I then run the following:
write_pandas(
conn=con,
df=df,
table_name=table_name,
database=database,
schema=schema,
chunk_size=chunk_size,
quote_identifiers=False,
)
and then when the data lands in the Snowflake table and I query it, there are 5 of each row in the SF database.
I verified that this function only runs one time as well.
Why am I getting 5 duplicates?
EDIT OK so I realized it's not related to this package. The issue is that after 1 minute the lambda is triggered again, and then again 1 minute later, etc. until it's been triggered 5 times.

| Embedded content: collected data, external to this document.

(* Let $H$ be an abelian group with an alternating $\mathbb{Z}$-bilinear form $\langle-,-\rangle\neq0$, and let $z\in\ker\mu$. Then the composition \[ Z_2(\mathbb{Q}[H^{(1)}])_{(z)}\longrightarrow C_2(\mathbb{Q}[H])_{(z)}\longrightarrow \hat C_2(\mathbb{Q}[H])_{(z)}\longrightarrow \mathbb{Q}\otimes_{\mathbb{Z}}(H/\mathbb{Z}z) \] is surjective, where the first map is induced by inclusion, the second is the quotient projection, and the third is the isomorphism induced by $[u]\wedge[v]\mapsto 1\otimes\bar u$ (for $u+v=z$).
   Context: $\mu:H\to\mathrm{Hom}_{\mathbb{Z}}(H,\mathbb{Z})$, $\mu(x)(y)=\langle x,y\rangle$; $H^{(1)}:=H\setminus\ker\mu$. $\mathbb{Q}[S]$ ($S\subset H$) is the $\mathbb{Q}$-vector space with basis symbols $[x]$, $x\in S$; $\mathbb{Q}[H]$ is a Lie algebra via $[[x],[y]]=\langle x,y\rangle[x+y]$ and $\mathbb{Q}[H^{(1)}]$ is a Lie subalgebra. Chevalley–Eilenberg chains $C_p(\mathfrak g)=\bigwedge^p_{\mathbb{Q}}\mathfrak g$ with the standard boundary. For $S\in\{H,H^{(1)}\}$, $C_2(\mathbb{Q}[S])_{(w)}$ is the span of $[u_1]\wedge[u_2]$ with $u_i\in S$, $u_1+u_2=w$, and $Z_2(\mathbb{Q}[S])_{(w)}$ its cycles. $\hat I$ is the ideal of $\bigwedge\mathbb{Q}[H]$ generated by all $[u+v]\wedge[x]-[u]\wedge[x+v]-[v]\wedge[x+u]$, $u,v,x\in H$; $\hat C_2(\mathbb{Q}[H])_{(z)}=C_2(\mathbb{Q}[H])_{(z)}/(\hat I\cap C_2(\mathbb{Q}[H])_{(z)})$, which is isomorphic to $\mathbb{Q}\otimes(H/\mathbb{Z}z)$ via $[u]\wedge[z-u]\mapsto 1\otimes\bar u$. *)

From HB Require Import structures.
From mathcomp Require Import all_boot all_order all_algebra.
Set Implicit Arguments. Unset Strict Implicit. Unset Printing Implicit Defensive.
Import Order.TTheory GRing.Theory Num.Theory.
Local Open Scope ring_scope.

Definition biadditive (H : zmodType) (form : H -> H -> int) : Prop :=
  (forall x y w, form (x + y) w = form x w + form y w) /\
  (forall x y w, form x (y + w) = form x y + form x w).

Definition alternating (H : zmodType) (form : H -> H -> int) : Prop :=
  forall x, form x x = 0.

Definition in_ker_mu (H : zmodType) (form : H -> H -> int) (z : H) : Prop :=
  forall y, form z y = 0.

(* x \in H^(1) = H \ ker mu *)
Definition inH1 (H : zmodType) (form : H -> H -> int) (x : H) : Prop :=
  exists y, form x y != 0.

(* Elements of Q[H] (and of Q[A] for any A) are represented by formal        *)
(* finite sums  sum_i q_i [a_i], i.e. lists of (q_i, a_i).  The coefficient   *)
Definition coefQ (H : zmodType) (s : seq (rat * H)) (h : H) : rat :=
  \sum_(p <- s | p.2 == h) p.1.

(* Elements of C_2(Q[H]) = /\^2 Q[H] are represented by formal finite sums   *)
(* sum_i q_i [x_i] /\ [y_i], i.e. lists of (q_i, x_i, y_i).                   *)

(* Chevalley--Eilenberg boundary C_2 -> C_1:                                  *)
(*   d([x] /\ [y]) = - [[x],[y]] = - <x,y> [x+y].                             *)
Definition bd2 (H : zmodType) (form : H -> H -> int)
    (c : seq (rat * H * H)) : seq (rat * H) :=
  [seq (- (p.1.1 * (form p.1.2 p.2)%:~R), p.1.2 + p.2) | p <- c].

Definition is_cycle2 (H : zmodType) (form : H -> H -> int)
    (c : seq (rat * H * H)) : Prop :=
  forall h, coefQ (bd2 form c) h = 0.

(* The chain represented by c lies in C_2(Q[H^(1)])_(z): it is a combination *)
(* of [u1] /\ [u2] with u1, u2 in H^(1) and u1 + u2 = z.                      *)
Definition in_C2_H1_weight (H : zmodType) (form : H -> H -> int) (z : H)
    (c : seq (rat * H * H)) : Prop :=
  forall p, p \in c -> [/\ inH1 form p.1.2, inH1 form p.2 & p.1.2 + p.2 = z].

(* Q (x)_Z (H / Z z): presented as the Q-vector space Q[H] modulo            *)
(*   (i)  [a] - [a + k z]            (k : int)   -- this gives Q[H/Zz]        *)
(*   (ii) [a + b] - [a] - [b]        (a, b : H)  -- this gives Q (x)_Z (H/Zz) *)
(* An element sum_i q_i (x) abar_i is represented by the list of (q_i, a_i).  *)
Definition tensQ_eq (H : zmodType) (z : H) (s t : seq (rat * H)) : Prop :=
  exists (r1 : seq (rat * H * int)) (r2 : seq (rat * H * H)),
    forall h,
      coefQ s h - coefQ t h =
        \sum_(p <- r1) p.1.1 * ((p.1.2 == h)%:R - (p.1.2 + z *~ p.2 == h)%:R)
      + \sum_(p <- r2) p.1.1 * ((p.1.2 + p.2 == h)%:R - (p.1.2 == h)%:R
                                - (p.2 == h)%:R).

(* The composite map C_2(Q[H])_(z) -> hat C_2(Q[H])_(z) ~= Q (x) (H/Zz),     *)
(* [u] /\ [v] |-> 1 (x) ubar (u + v = z), extended Q-linearly:               *)
Definition phi2 (H : zmodType) (c : seq (rat * H * H)) : seq (rat * H) :=
  [seq (p.1.1, p.1.2) | p <- c].

(** Every chain [q [u] /\ [z - u]] with [u] in [H^(1)] is automatically a
    cycle, since [<u, z - u> = <u, z> = 0] for [z] in [ker mu]; so it suffices
    to hit each generator [q (x) abar].  If [a] lies in [H^(1)] the chain
    [q [a] /\ [z - a]] does it.  Otherwise [a] lies in [ker mu], and for any
    [x] in [H^(1)] (which exists as the form is nonzero) both [a + x] and [x]
    lie in [H^(1)], while [q (x) (a + x)bar - q (x) xbar = q (x) abar]. *)

From HB Require Import structures.
From mathcomp Require Import all_boot all_order all_algebra.
From mathcomp Require Import ring.
From Stdlib Require Import Classical.
Import Order.TTheory GRing.Theory Num.Theory.
Local Open Scope ring_scope.

Set Implicit Arguments.

Lemma morph_oppr (U V : zmodType) (f : U -> V) :
  {morph f : x y / x + y} -> {morph f : x / - x}.
Proof.
move=> fD x; have f0 : f 0 = 0.
  by apply: (addrI (f 0)); rewrite -fD !addr0.
by apply/eqP; rewrite -subr_eq0 opprK -fD addNr f0.
Qed.

Section BiadditiveAlternating.
Variables (H : zmodType) (form : H -> H -> int).
Hypotheses (Hbil : biadditive form) (Halt : alternating form).

Lemma formNl u y : form (- u) y = - form u y.
Proof. exact: (@morph_oppr _ _ (form^~ y) (fun x x' => proj1 Hbil x x' y)). Qed.

Lemma formNr u y : form y (- u) = - form y u.
Proof. exact: (@morph_oppr _ _ (form y) (proj2 Hbil y)). Qed.

Lemma form_skew u v : form u v = - form v u.
Proof.
have := Halt (u + v).
rewrite (proj1 Hbil) !(proj2 Hbil) !Halt add0r addr0 => e.
by apply/eqP; rewrite -addr_eq0 e.
Qed.

Variable z : H.
Hypothesis Hz : in_ker_mu form z.

Lemma form_weight_ker u v : u + v = z -> form u v = 0.
Proof.
move=> uvz; have -> : v = z - u by rewrite -uvz addrC addKr.
by rewrite (proj2 Hbil) formNr Halt form_skew Hz oppr0 addr0.
Qed.

Lemma inH1_subl u : inH1 form u -> inH1 form (z - u).
Proof. by case=> y uy; exists y; rewrite (proj1 Hbil) formNl Hz add0r oppr_eq0. Qed.

Lemma C2_H1_weight_cycle c : in_C2_H1_weight form z c -> is_cycle2 form c.
Proof.
move=> Hc h; rewrite /coefQ /bd2 big_map big1_seq // => p /andP [_ pc].
by have [_ _ /form_weight_ker ->] := Hc p pc; rewrite mulr0 oppr0.
Qed.

Lemma C2_H1_weight_term q u :
  inH1 form u -> in_C2_H1_weight form z [:: (q, u, z - u)].
Proof.
move=> Hu p; rewrite inE => /eqP -> /=.
by split; [exact: Hu | exact: inH1_subl | rewrite addrC subrK].
Qed.

End BiadditiveAlternating.

Lemma C2_H1_weight_cat (H : zmodType) (form : H -> H -> int) z c1 c2 :
  in_C2_H1_weight form z c1 -> in_C2_H1_weight form z c2 ->
  in_C2_H1_weight form z (c1 ++ c2).
Proof. by move=> Hc1 Hc2 p; rewrite mem_cat => /orP [/Hc1 | /Hc2]. Qed.

Section TensorRelation.
Variables (H : zmodType) (z : H).

Lemma coefQ_cat (s t : seq (rat * H)) h : coefQ (s ++ t) h = coefQ s h + coefQ t h.
Proof. exact: big_cat. Qed.

Lemma tensQ_eq_refl s : tensQ_eq z s s.
Proof. by exists [::], [::] => h; rewrite !big_nil subrr addr0. Qed.

Lemma tensQ_eq_cat s1 s2 t1 t2 :
  tensQ_eq z s1 t1 -> tensQ_eq z s2 t2 -> tensQ_eq z (s1 ++ s2) (t1 ++ t2).
Proof.
move=> [r1 [r2 e]] [r1' [r2' e']]; exists (r1 ++ r1'), (r2 ++ r2') => h.
by rewrite !coefQ_cat !big_cat addrACA -e -e' opprD addrACA.
Qed.

Lemma tensQ_eq_additive q a x : tensQ_eq z [:: (q, a + x); (- q, x)] [:: (q, a)].
Proof.
exists [::], [:: (q, a, x)] => h.
rewrite /coefQ !big_cons !big_nil /=.
by case: (a + x == h); case: (x == h); case: (a == h); rewrite /=; ring.
Qed.

End TensorRelation.

Lemma phi2_cat (H : zmodType) (c1 c2 : seq (rat * H * H)) :
  phi2 (c1 ++ c2) = phi2 c1 ++ phi2 c2.
Proof. exact: map_cat. Qed.

Lemma C2_H1_weight_lift_term (H : zmodType) (form : H -> H -> int)
    (Hbil : biadditive form) (Hnz : exists x y, form x y != 0)
    (z : H) (Hz : in_ker_mu form z) q a :
  exists c, in_C2_H1_weight form z c /\ tensQ_eq z (phi2 c) [:: (q, a)].
Proof.
have [Ha | Ha] := classic (inH1 form a).
  by exists [:: (q, a, z - a)]; split; [exact: C2_H1_weight_term | exact: tensQ_eq_refl].
have [x [y xy]] := Hnz.
have a_ker w : form a w = 0.
  by case: (eqVneq (form a w) 0) => // aw; case: Ha; exists w.
have Hax : inH1 form (a + x) by exists y; rewrite (proj1 Hbil) a_ker add0r.
exists ([:: (q, a + x, z - (a + x))] ++ [:: (- q, x, z - x)]); split.
  by apply: C2_H1_weight_cat; apply: C2_H1_weight_term => //; exists y.
exact: tensQ_eq_additive.
Qed.

Theorem proposition3p4 (H : zmodType) (form : H -> H -> int)
    (Hbil : biadditive form) (Halt : alternating form)
    (Hnz : exists x y, form x y != 0)
    (z : H) (Hz : in_ker_mu form z) :
  forall t : seq (rat * H),
    exists c : seq (rat * H * H),
      [/\ in_C2_H1_weight form z c, is_cycle2 form c & tensQ_eq z (phi2 c) t].
Proof.
suff lift t : exists c, in_C2_H1_weight form z c /\ tensQ_eq z (phi2 c) t.
  move=> t; have [c [Hc ct]] := lift t.
  by exists c; split => //; exact: C2_H1_weight_cycle Hc.
elim: t => [|[q a] t [c [Hc ct]]]; first by exists [::]; split => //; exact: tensQ_eq_refl.
have [c0 [Hc0 c0a]] := C2_H1_weight_lift_term Hbil Hnz Hz q a.
exists (c0 ++ c); split; first exact: C2_H1_weight_cat.
by rewrite phi2_cat; exact: (tensQ_eq_cat c0a ct).
Qed.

No idea why it's being triggered multiple times though because all of the executions succeed eventually, but there are 5 of them running before the first one actually completes
UPDATE
Verified that it's not a memory issue and not a timeout issue.
What I have noticed is that when an API Call is made to retrieve some external data is when the next lambda seems to be triggered. Not sure why that would play a role but it seems to be affecting it.
Also, it's not set at 5 times, it will just re-trigger every minute until the first lambda execution finishes. I can see that the logs stop when the API call starts, and it's at that same log mark that I see the next lambda execution start.
I'm not sure if this is a Jenkins specific issue or not, but what I found is that I was invoking the function synchronously and after 1 minute, if the lambda had not responded, then it was triggering it again... running with the invoke-async
cli option instead of invoke
lead to the duplication stopping.